This demo shows how disparate sensors that detect the same object could have their data feeds 'fused' together. This fusion process would enable a more accurate picture of real world objects to be mapped.
This demo achieves this by making some assumptions around minimum distance and direction of travel of any number of object tracks relative to each another. In a real world scenario, the following considerations would also need to be taken into account, but for simplicity, have been excluded from this demo:
- Order of precedence of sensor data e.g. AIS data potentially taking primacy over radar.
- Aggregation of specific data elements from original source sensors during the fusion process e.g. when combining tracks, you may want to include unique insight from each sensor such as MMSI from AIS, and distance from the radar for radar data.
- Differing rules for minimum distance and relative directions of movement based on the physical characteristics of the detected object e.g. the minimum distances between sailing boats is likely to be different to the minimum distance between container ships.
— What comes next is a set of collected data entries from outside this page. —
(* Let $D\ge 1$. Any (randomized) voting rule that has access only to the top-$t$ prefix of each agent's ranking and achieves metric distortion at most $D$ has utilitarian distortion $\Omega\!\left(\frac{m\sqrt m}{D\,t\sqrt t}\right)$.
   Context: Setting: $n$ agents, $m$ alternatives; each agent has an underlying strict ranking, but the rule only receives each agent's ordered list of her top $t$ alternatives (a top-$t$ profile $\vec\sigma_t$) and outputs a probability distribution over alternatives. A full profile extends $\vec\sigma_t$ if each agent's top-$t$ prefix coincides with that in $\vec\sigma_t$. Metric framework: a pseudometric $d$ on agents and alternatives is consistent with a full profile $\vec\sigma$ if $X\succ_iY\Rightarrow d(i,X)\le d(i,Y)$, and consistent with $\vec\sigma_t$ if it is consistent with some full profile extending $\vec\sigma_t$. $\mathrm{SC}(X,d)=\sum_id(i,X)$. Metric distortion of a rule $f$: $\sup_{\vec\sigma_t}\sup_{d}\mathbb E_{X\sim f(\vec\sigma_t)}[\mathrm{SC}(X,d)]/\min_X\mathrm{SC}(X,d)$ over consistent $d$. Utilitarian framework: unit-sum nonnegative utilities $u_i$ ($\sum_Xu_i(X)=1$), consistent with a full profile if $X\succ_iY\Rightarrow u_i(X)\ge u_i(Y)$ and with $\vec\sigma_t$ if consistent with some full extension. $\mathrm{SW}(X,\vec u)=\sum_iu_i(X)$. Utilitarian distortion: $\sup_{\vec\sigma_t}\sup_{\vec u}\max_X\mathrm{SW}(X,\vec u)/\mathbb E_{X\sim f(\vec\sigma_t)}[\mathrm{SW}(X,\vec u)]$. *)

From HB Require Import structures.
From mathcomp Require Import all_boot all_order all_algebra all_fingroup.
From mathcomp Require Import reals.
Set Implicit Arguments. Unset Strict Implicit. Unset Printing Implicit Defensive.
Import Order.TTheory GRing.Theory Num.Theory.
Local Open Scope ring_scope.

Section Voting.
Variable R : realType.

(* A full ranking over alternatives 'I_m is a permutation sending a position
   (0 = top) to the alternative at that position. *)
Definition prefers (m : nat) (s : {perm 'I_m}) (X Y : 'I_m) : bool :=
  ((s^-1)%g X < (s^-1)%g Y)%N.

Definition extends (n m t : nat) (s : 'I_n -> {perm 'I_m})
    (st : 'I_n -> t.-tuple 'I_m) : Prop :=
  forall i, tval (st i) = take t [seq s i p | p <- enum 'I_m].

Definition is_pseudometric (T : Type) (d : T -> T -> R) : Prop :=
  [/\ forall x y, 0 <= d x y, forall x, d x x = 0,
      forall x y, d x y = d y x
    & forall x y z, d x z <= d x y + d y z].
Equally, ships in port will be closer to one another than ships at sea.
In the ./fusion folder, you'll find the following Python scripts:
calculatetrack.py
fusionservice.py
testdatagen.py
fusionservice.py is the one you need to run to see the demo.
The fusion service takes an input of JSON messages and continues to check for new messages based on the time period detailed within the poll_frequency variable.
For the demo, the JSON messages are generated by testdatagen.py, but this could be replaced by a repeated check of Kafka for new messages on a topic.
Within the get_messages function, a check is conducted of the previously seen messages (hash_list) to see if any of those messages are now considered 'stale' i.e. no further updates should be sent for the given ORIGINATORID. We assume that ORIGINATORID is a unique ID assigned by the source sensor, but could relate to the same object e.g. a radar could assign Ship A an ORIGINATORID of '0', with Ship A also being detected by a UAV reporting an ORIGINATORID of '1'. The fusion service aims to identify these cases by analysing the track of '0' and '1' to determine whether they are likely the same object, but detected through disparate sensors.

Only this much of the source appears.